Stored items:
++++
Lemma index_positions_by_letter p : p < size w ->
  index p.+1 (positions_by_letter w M) =
  count (fun x => x < nth 0 w p) w + count_mem (nth 0 w p) (take p w).
Proof.
move=> lt_p; have /andP[a_pos a_le_M] := nth_letter_range lt_p; set a := nth 0 w p.
rewrite /positions_by_letter (iota_split (a := a)) ?add1n //; last lia.
rewrite map_cat flatten_cat /= index_cat.
have -> : p.+1 \in flatten [seq positions w 0 b | b <- iota 1 (a - 1)] = false.
  apply/flattenP => -[_ /mapP[b b_in ->] /mem_positions[q /succn_inj <- [_ _ w_q]]].
  by move: b_in; rewrite mem_iota -w_q; lia.
rewrite index_cat mem_positions_nth // index_positions // size_flatten_positions ?iota_uniq //.
congr (_ + _); apply: eq_in_count => x x_w.
by rewrite /= mem_iota subnKC // (allP w_pos).
Qed.

Lemma std_index : std w =
  [seq (index x (positions_by_letter w M)).+1 | x <- iota 1 (size w)].
Proof.
rewrite /std (iotaDl 1 0 (size w)) -map_comp; apply/eq_in_map => p.
by rewrite mem_iota => /andP[_ lt_p] /=; rewrite index_positions_by_letter.
Qed.

End BoundedWord.

Theorem corollary8p3 (w : seq nat) :
  positive_word w -> reverse_lattice w ->
  T_of w = P_of (perm_inv (std w)).
Proof.
move=> w_pos w_lattice; set M := \max_(x <- w) x.
have w_le_M : {in w, forall x, x <= M} by move=> x x_w; apply: (leq_bigmax_seq (F := id)).
rewrite (T_of_positions w_pos w_lattice w_le_M) (std_index w_pos w_le_M).
rewrite -(size_positions_by_letter w_pos w_le_M) perm_inv_index.
  by rewrite P_of_positions_by_letter.
exact: perm_positions_by_letter.
Qed.
Lemma perm_of_pairsK s : pairs_of_perm (perm_of_pairs s) = s.
Proof.
rewrite /pairs_of_perm -[RHS](map_tnth_enum (in_tuple s)); apply: eq_map => i.
by rewrite /pa /pb !ffunE /=; case: (tnth _ i).
Qed.

Lemma size_pairs_of_perm r (p : {ffun 'I_r * bool -> V}) : size (pairs_of_perm p) = r.
Proof. by rewrite size_map size_enum_ord. Qed.

Lemma uniq_ends_pairs_of_perm r (p : {ffun 'I_r * bool -> V}) :
  uniq (ends (pairs_of_perm p)) = injectiveb p.
Proof.
have -> : ends (pairs_of_perm p) =
    map p [seq (i, b) | i <- enum 'I_r, b <- [:: false; true]].
  by rewrite /ends /pairs_of_perm map_flatten -!map_comp.
apply/perm_uniq/perm_map/uniq_perm => [||[i b]]; rewrite ?enum_uniq ?mem_enum //.
  by apply: allpairs_uniq; rewrite ?enum_uniq // => -[? ?] [? ?] _ _ [-> ->].
by apply/allpairsP; exists (i, b); rewrite mem_enum; case: b.
Qed.

Lemma goodR_splits k r (p : {ffun 'I_r * bool -> V}) S : injective p ->
  (S \in goodR k p) = (#|S| == k) && splits (pairs_of_perm p) S.
Proof.
move=> ip; rewrite inE /splits all_map; congr (_ && _).
have pab i : pa p i != pb p i by rewrite (inj_eq ip) xpair_eqE andbF.
apply/forallP/allP => [pS i _|pS i] /=; first by rewrite -card_setI2_eq1 ?pS.
by rewrite card_setI2_eq1 //; apply: pS; rewrite mem_enum.
Qed.

Lemma seconds_pairs_of_perm r (p : {ffun 'I_r * bool -> V}) :
  seconds (pairs_of_perm p) = [set pb p i | i : 'I_r].
Proof.
apply/setP => y; rewrite inE -map_comp; apply/mapP/imsetP => -[i _ ->]; exists i => //.
by rewrite mem_enum.
Qed.

Lemma inner_eq0 k r f (p : {ffun 'I_r * bool -> V}) : injective p ->
  (inner k f p == 0) = (split_sum (pairs_of_perm p) k f == 0).
Proof.
move=> ip; rewrite /inner /avg /split_sum -seconds_pairs_of_perm.
rewrite (eq_bigl _ _ (fun S => goodR_splits k S ip)) mulf_eq0 invr_eq0 pnatr_eq0.
rewrite cards_eq0 orb_idr // => /eqP goodR0; apply/eqP/big_pred0 => S.
by rewrite -goodR_splits // goodR0 inE.
Qed.
(* A point xi of the box is the mean of the product distribution on the
   vertices whose coordinate (k, t) is 1 with probability
   (xi_kt - xiL_kt) / (xiU_kt - xiL_kt); its weights lambda_z(xi) depend
   measurably on xi.  The recourse value is convex in xi, so
   Q(xi) <= sum_z lambda_z(xi) Q(v_z).  Integrating against P in P^s gives
   E_P[Q] <= sum_z E_P[lambda_z] Q(v_z), and (E_P[lambda_z])_z is feasible for
   the vertex LP because its mean is E_P[xi].  Conversely, a feasible point of
   the vertex LP is the weight vector of a distribution on the vertices, which
   belongs to P^s. *)

(* The recourse function is not known to be measurable, so integrals are
   compared assuming measurability of the bounding function only. *)
Section integral_nonmeasurable.
Local Open Scope ereal_scope.
Context d (T : measurableType d) (R : realType) (mu : {measure set T -> \bar R}).
Implicit Types f g : T -> \bar R.

Lemma ge0_le_integralT f g : (forall x, 0 <= f x) -> (forall x, f x <= g x) ->
  \int[mu]_x f x <= \int[mu]_x g x.
Proof.
move=> f0 fg; have g0 x : 0 <= g x by apply: le_trans (f0 x) (fg x).
rewrite !ge0_integralTE//; apply: ereal_sup_le => _ [h hf <-]; exists h => //.
by move=> x; apply: le_trans (hf x) (fg x).
Qed.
++++
TASK REQUIREMENTS - Take the records above and return, word for word, only the lines that fall from the line with "E_P[Q] <= sum_z" to the line with "(* The recourse", both of them included.

ANSWER SECTION -
   E_P[Q] <= sum_z E_P[lambda_z] Q(v_z), and (E_P[lambda_z])_z is feasible for
   the vertex LP because its mean is E_P[xi].  Conversely, a feasible point of
   the vertex LP is the weight vector of a distribution on the vertices, which
   belongs to P^s. *)

(* The recourse function is not known to be measurable, so integrals are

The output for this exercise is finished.